Le IA non prevedono solo il token successivo?
Per prevedere i token è necessario comprendere il mondo.
Immaginare che un'IA che prevede il token successivo non possa pensare davvero è come immaginare che un'immagine codificata usando 1 e 0 binari non possa rappresentare un fiore rosso. L'IA sta producendo token, sì, ma si possono codificare cose importanti nei token! Prevedere cosa viene dopo è un aspetto fondamentale dell'intelligenza in cui processi come la "scienza" e l'"apprendimento" si inseriscono facilmente.
Considerate la sfida di prevedere del testo presente su internet. Da qualche parte sul web, si può leggere di uno studente di fisica curioso che intervista un professore saggio. Il professore riflette in silenzio sulla domanda e poi produce la sua risposta, che viene successivamente trascritta.
Il compito di prevedere con precisione la risposta di quel professore implica prevedere i suoi pensieri interni sulla fisica. E prevedere i suoi pensieri interni sulla fisica implica prevedere come comprenderà la domanda dello studente, e prevedere cosa il professore sa di fisica, e prevedere come applicherà quella conoscenza.
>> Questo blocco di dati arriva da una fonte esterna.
Lemma outside_disk_of_direction lam psi a1 a2 K t :
  measurable_fun `[t2, +oo[ psi -> a1 ^+ 2 + a2 ^+ 2 = 1 -> alpha < a2 ->
  Rr * (1 + a1 * sin lam + a2 * cos lam) <= K * (a2 - alpha) ->
  t2 + K < t -> outside_disk lam psi t.
Proof.
move=> mpsi a_unit a2_gt hK tK; rewrite outside_diskE.
have a_le1 : a1 ^+ 2 + a2 ^+ 2 <= 1 by rewrite a_unit.
have K_ge0 : 0 <= K.
  have dot_geN1 : 0 <= 1 + a1 * sin lam + a2 * cos lam.
    have := cos2Dsin2 lam; have := sqr_ge0 (a1 + sin lam).
    have := sqr_ge0 (a2 + cos lam); nra.
  have := le_trans (mulr_ge0 (ltW Rr_gt0) dot_geN1) hK.
  by rewrite pmulr_lge0 // subr_gt0.
have t2t : t2 <= t by lra.
have := heading_projection_le (ltW alpha_gt0) a_le1 mpsi t2t.
set X := \int[mu]_(s in _) _; set Y := \int[mu]_(s in _) _ => proj_le.
set r1 := Rr * sin lam + X; set r2 := Rr * cos lam + Y - (t - t2).
rewrite ltNge; apply/negP => inside.
have proj_ge := dot_geN_radius Rr_gt0 a_unit inside.
have : a1 * r1 + a2 * r2
    = Rr * (a1 * sin lam + a2 * cos lam) + (a1 * X + a2 * Y) - a2 * (t - t2).
  by rewrite /r1 /r2; ring.
nra.
Qed.

(* The displacement [d] from the contact point has nonnegative component along
   the contact direction and negative vertical component, so
   [|Rr u + d| > Rr]. *)
Lemma outside_disk_at_once lam psi t : measurable_fun `[t2, +oo[ psi ->
  cos lam <= - alpha -> t2 < t -> outside_disk lam psi t.
Proof.
move=> mpsi cos_le t2t; rewrite outside_diskE.
have u_unit : (- sin lam) ^+ 2 + (- cos lam) ^+ 2 <= 1.
  by rewrite !sqrrN addrC cos2Dsin2.
have e2_unit : 0 ^+ 2 + 1 ^+ 2 <= 1 :> R by rewrite expr0n add0r expr1n.
have := heading_projection_le (ltW alpha_gt0) e2_unit mpsi (ltW t2t).
have := heading_projection_le (ltW alpha_gt0) u_unit mpsi (ltW t2t).
set X := \int[mu]_(s in _) _; set Y := \int[mu]_(s in _) _ => proj_u proj_e2.
set tau := t - t2 in proj_u proj_e2 *; have tau_gt0 : 0 < tau by rewrite subr_gt0.
have ud_ge0 : 0 <= sin lam * X + cos lam * (Y - tau).
  have : 0 <= (- alpha - cos lam) * tau by apply: mulr_ge0; lra.
  lra.
have d2_lt0 : Y - tau < 0.
  have : alpha * tau < tau by rewrite gtr_pMl.
  lra.
have -> : (Rr * sin lam + X) ^+ 2 + (Rr * cos lam + Y - tau) ^+ 2
    = Rr ^+ 2 * (cos lam ^+ 2 + sin lam ^+ 2)
      + 2 * Rr * (sin lam * X + cos lam * (Y - tau)) + X ^+ 2 + (Y - tau) ^+ 2.
  by ring.
have := mulr_ge0 (ltW Rr_gt0) ud_ge0.
have : 0 < (Y - tau) ^+ 2 by rewrite -sqrrN exprn_gt0 // oppr_gt0.
rewrite cos2Dsin2 mulr1; have := sqr_ge0 X; lra.
Qed.

Lemma const_heading_outside_ge lam ps K t :
  K * (alpha ^+ 2 - 2 * alpha * sin ps + 1)
    + 2 * Rr * (sin lam * (alpha * cos ps) + cos lam * (alpha * sin ps - 1)) <= 0 ->
  t2 <= t -> outside_disk lam (fun=> ps) t -> t2 + K <= t.
Proof.
move=> hK t2t; rewrite outside_diskE !Rintegral_itvcc_cst // -lerBrDl => out.
have v_norm : (alpha * cos ps) ^+ 2 + (alpha * sin ps - 1) ^+ 2
    = alpha ^+ 2 - 2 * alpha * sin ps + 1.
  have -> : (alpha * cos ps) ^+ 2 + (alpha * sin ps - 1) ^+ 2
      = alpha ^+ 2 * (cos ps ^+ 2 + sin ps ^+ 2) - 2 * alpha * sin ps + 1 by ring.
  by rewrite cos2Dsin2 mulr1.
apply: (@outside_disk_line_ge _ Rr K (t - t2) (sin lam) (cos lam)
  (alpha * cos ps) (alpha * sin ps - 1)).
- by rewrite addrC cos2Dsin2.
- by rewrite subr_ge0.
- by rewrite v_norm.
- by move: out; congr (_ < _ ^+ 2 + _ ^+ 2); ring.
Qed.

Lemma one_sub_alpha_sqr_gt0 : 0 < 1 - alpha ^+ 2.
Proof. by rewrite subr_gt0 expr_lt1 // ltW. Qed.

Definition phase2_time (c : R) : R := 2 * Rr * (alpha + c) / (1 - alpha ^+ 2).

(* [a = (cos ps, sin ps)] is the exit point of the straight path with heading
   [a], reflected through the centre and scaled to the unit circle: this makes
   both inequalities in [outside_disk_of_direction] tight. *)
Lemma optimal_heading lam : - alpha < cos lam ->
  exists ps, [/\ alpha < sin ps,
    Rr * (1 + cos ps * sin lam + sin ps * cos lam)
      = phase2_time (cos lam) * (sin ps - alpha) &
    phase2_time (cos lam) * (alpha ^+ 2 - 2 * alpha * sin ps + 1)
      + 2 * Rr * (sin lam * (alpha * cos ps) + cos lam * (alpha * sin ps - 1)) = 0].
Proof.
move=> cos_gt.
have xy_unit : sin lam ^+ 2 + cos lam ^+ 2 - 1 = 0.
  by apply/eqP; rewrite subr_eq0 addrC cos2Dsin2.
set x := sin lam in xy_unit *; set y := cos lam in cos_gt xy_unit *.
set D := 1 + 2 * alpha * y + alpha ^+ 2.
have D_gt0 : 0 < D by rewrite /D; nra.
have Dn0 : D != 0 by rewrite gt_eqF.
have An0 : 1 - alpha ^+ 2 != 0 by rewrite gt_eqF ?one_sub_alpha_sqr_gt0.
set a1 := - x * (1 - alpha ^+ 2) / D.
set a2 := (y * (1 + alpha ^+ 2) + 2 * alpha) / D.
have a2_gt : alpha < a2.
  have -> : a2 = alpha + (1 - alpha ^+ 2) * (y + alpha) / D.
    by rewrite /a2 /D; field.
  by rewrite ltrDl divr_gt0 // mulr_gt0 ?one_sub_alpha_sqr_gt0 //; lra.
have [ps [cos_ps sin_ps]] : exists ps, cos ps = a1 /\ sin ps = a2.
  apply: unit_vector_angle; last by apply: le_trans (ltW a2_gt); exact: ltW.
  apply/eqP; rewrite -subr_eq0.
  have -> : a1 ^+ 2 + a2 ^+ 2 - 1
      = (1 - alpha ^+ 2) ^+ 2 / D ^+ 2 * (x ^+ 2 + y ^+ 2 - 1).
    by rewrite /a1 /a2 /D; field.
  by rewrite xy_unit mulr0.
exists ps; rewrite cos_ps sin_ps /phase2_time; split => //.
- apply/eqP; rewrite -subr_eq0.
  have -> : Rr * (1 + a1 * x + a2 * y)
        - 2 * Rr * (alpha + y) / (1 - alpha ^+ 2) * (a2 - alpha)
      = - Rr * (1 - alpha ^+ 2) / D * (x ^+ 2 + y ^+ 2 - 1).
    by rewrite /a1 /a2 /D; field; rewrite Dn0 An0.
  by rewrite xy_unit mulr0.
- have -> : 2 * Rr * (alpha + y) / (1 - alpha ^+ 2)
        * (alpha ^+ 2 - 2 * alpha * a2 + 1)
      + 2 * Rr * (x * (alpha * a1) + y * (alpha * a2 - 1))
      = - 2 * Rr * alpha * (1 - alpha ^+ 2) / D * (x ^+ 2 + y ^+ 2 - 1).
    by rewrite /a1 /a2 /D; field; rewrite Dn0 An0.
  by rewrite xy_unit mulr0.
Qed.

Lemma V_closed_form lam :
  V alpha Rr t2 yT2 lam = (Num.max 0 (phase2_time (cos lam)))%:E.
Proof.
have timeE c : phase2_time c = (alpha + c) * (2 * Rr / (1 - alpha ^+ 2)).
  by rewrite /phase2_time; ring.
have scale_gt0 : 0 < 2 * Rr / (1 - alpha ^+ 2).
  by rewrite divr_gt0 ?mulr_gt0 ?one_sub_alpha_sqr_gt0.
have [cos_le|cos_gt] := leP (cos lam) (- alpha).
- have -> : Num.max 0 (phase2_time (cos lam)) = 0.
    by apply/max_idPl; rewrite timeE; apply: mulr_le0_ge0; [lra | exact: ltW].
  apply/le_anti/andP; split.
    apply: V_le_of_outside => // psi mpsi t; rewrite addr0.
    exact: outside_disk_at_once.
  apply: (@V_ge_of_outside _ (fun=> 0)) => [|t t2t _].
    exact: measurable_cst.
  by rewrite addr0.
- have [ps [sin_gt proj_eq exit_eq]] := optimal_heading cos_gt.
  have time_ge0 : 0 <= phase2_time (cos lam).
    by rewrite timeE; apply: mulr_ge0; [lra | exact: ltW].
  rewrite (max_idPr time_ge0); apply/le_anti/andP; split.
    apply: V_le_of_outside => // psi mpsi t.
    apply: (outside_disk_of_direction (a1 := cos ps) (a2 := sin ps)) => //.
      exact: cos2Dsin2.
    by rewrite proj_eq.
  apply: (@V_ge_of_outside _ (fun=> ps)) => [|t]; first exact: measurable_cst.
  by apply: const_heading_outside_ge; rewrite exit_eq.
Qed.

Lemma phase2_time_nondecreasing : {homo phase2_time : c1 c2 / c1 <= c2}.
Proof.
move=> c1 c2 c12; rewrite /phase2_time ler_pM2r ?invr_gt0 ?one_sub_alpha_sqr_gt0 //.
by rewrite ler_pM2l ?mulr_gt0 // lerD2l.
Qed.

End PhaseII.

Lemma cos_le_antimono (R : realType) :
  {in `[0, pi] &, forall a b : R, a <= b -> cos b <= cos a}.
Proof. by move=> a b a_itv b_itv ab; rewrite leNgt ltr_cos // -leNgt. Qed.

Theorem lemma3 (R : realType) (alpha Rr : R) :
  0 < alpha < 1 -> 0 < Rr ->
  forall t2 yT2 : R,
    {in `[- pi, 0] &, forall a b : R, a <= b ->
        (V alpha Rr t2 yT2 a <= V alpha Rr t2 yT2 b)%E} /\
    {in `[0, pi] &, forall a b : R, a <= b ->
        (V alpha Rr t2 yT2 b <= V alpha Rr t2 yT2 a)%E} /\
    (forall lam : R, lam \in `[- pi, pi] ->
        (V alpha Rr t2 yT2 lam <= V alpha Rr t2 yT2 0)%E).
Proof.
move=> /andP[alpha_gt0 alpha_lt1] Rr_gt0 t2 yT2.
have V_le a b : cos a <= cos b -> (V alpha Rr t2 yT2 a <= V alpha Rr t2 yT2 b)%E.
  move=> cos_ab; rewrite !V_closed_form // lee_fin le_max2 //.
  exact: phase2_time_nondecreasing.
split; [|split].
- move=> a b; rewrite !in_itv /= => /andP[a_ge a_le] /andP[b_ge b_le] ab.
  apply: V_le; rewrite -(cosN a) -(cosN b).
  by apply: cos_le_antimono; rewrite ?in_itv /= ?lerN2 //; apply/andP; split; lra.
- by move=> a b a_itv b_itv ab; apply: V_le; exact: cos_le_antimono.
- by move=> lam _; apply: V_le; rewrite cos0 cos_le1.
Qed.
Se un'IA è in grado di prevedere i testi su Internet così bene da poter prevedere la risposta originale di un fisico a una domanda, la prima volta che la vede, allora l'IA deve necessariamente possedere la capacità di ragionare in modo originale sulla fisica autonomamente, almeno quanto quel professore di fisica.
Quando si tratta di prevedere un testo che riflette un mondo complicato e disordinato, la memorizzazione meccanica non serve a molto. Per fare previsioni accurate, bisogna sviluppare la capacità di prevedere non solo il testo, ma anche il mondo complicato e disordinato che sta dietro al testo.
Le moderne IA non si limitano a prevedere token.
È vero che i primi modelli linguistici di grandi dimensioni, come GPT-2 e il primo GPT-3, erano stati addestrati esclusivamente per il compito di previsione. Il loro "unico lavoro", per così dire, era quello di riprodurre l'esatta distribuzione dei loro dati di addestramento — testi estratti da vari siti web.
Ma quei giorni sono finiti. I moderni modelli linguistici sono addestrati a rispondere in vari modi che i loro creatori considerano più utili. Questo viene tipicamente fatto utilizzando l'"apprendimento per rinforzo".
In un contesto di apprendimento per rinforzo, gli aggiornamenti applicati a un modello di IA tramite la discesa del gradiente si basano su quanto bene riesce (o quanto male fallisce) in un determinato compito. Una volta che gli output di un modello di IA sono plasmati da questo tipo di addestramento, non sono più pure previsioni — hanno anche un aspetto di direzione.
ChatGPT potrebbe essere in grado di prevedere che la conclusione più probabile di una barzelletta sporca è una parolaccia, ma anche quando si trova in un contesto in cui ha iniziato a raccontare la barzelletta, spesso orienta il finale della barzelletta verso una battuta diversa per evitare di produrre quella parola, perché in precedenza è stato addestrato a non dire parolacce. È questo che dà origine a esempi interessanti di comportamento simile al desiderio nei casi come quelli discussi nel Capitolo 3.
Anche se le IA non fossero addestrate a completare compiti, è probabile che addestrarle puramente per la previsione alla fine le indurrebbe a dirigere. Per prevedere il complicato mondo reale, e i complicati esseri umani che vi abitano, un'IA avrebbe probabilmente bisogno di molte parti interne che dirigono — così da poter orientare la propria attenzione verso le parti più rilevanti dei problemi di previsione. E spesso accade che il modo migliore per prevedere con successo le cose è orientare il mondo in una direzione che realizzerà quelle previsioni, come quando uno scienziato scopre come progettare e condurre un nuovo esperimento.
Infine, un'IA addestrata a diventare molto brava nelle previsioni probabilmente non si preoccuperà solo delle previsioni. Per ragioni che discuteremo nel Capitolo 4, probabilmente si ritroverebbe con ogni sorta di obiettivi strani e alieni. Ma questo è comunque un punto irrilevante; le IA moderne sono addestrate non solo a fare previsioni, ma a completare compiti.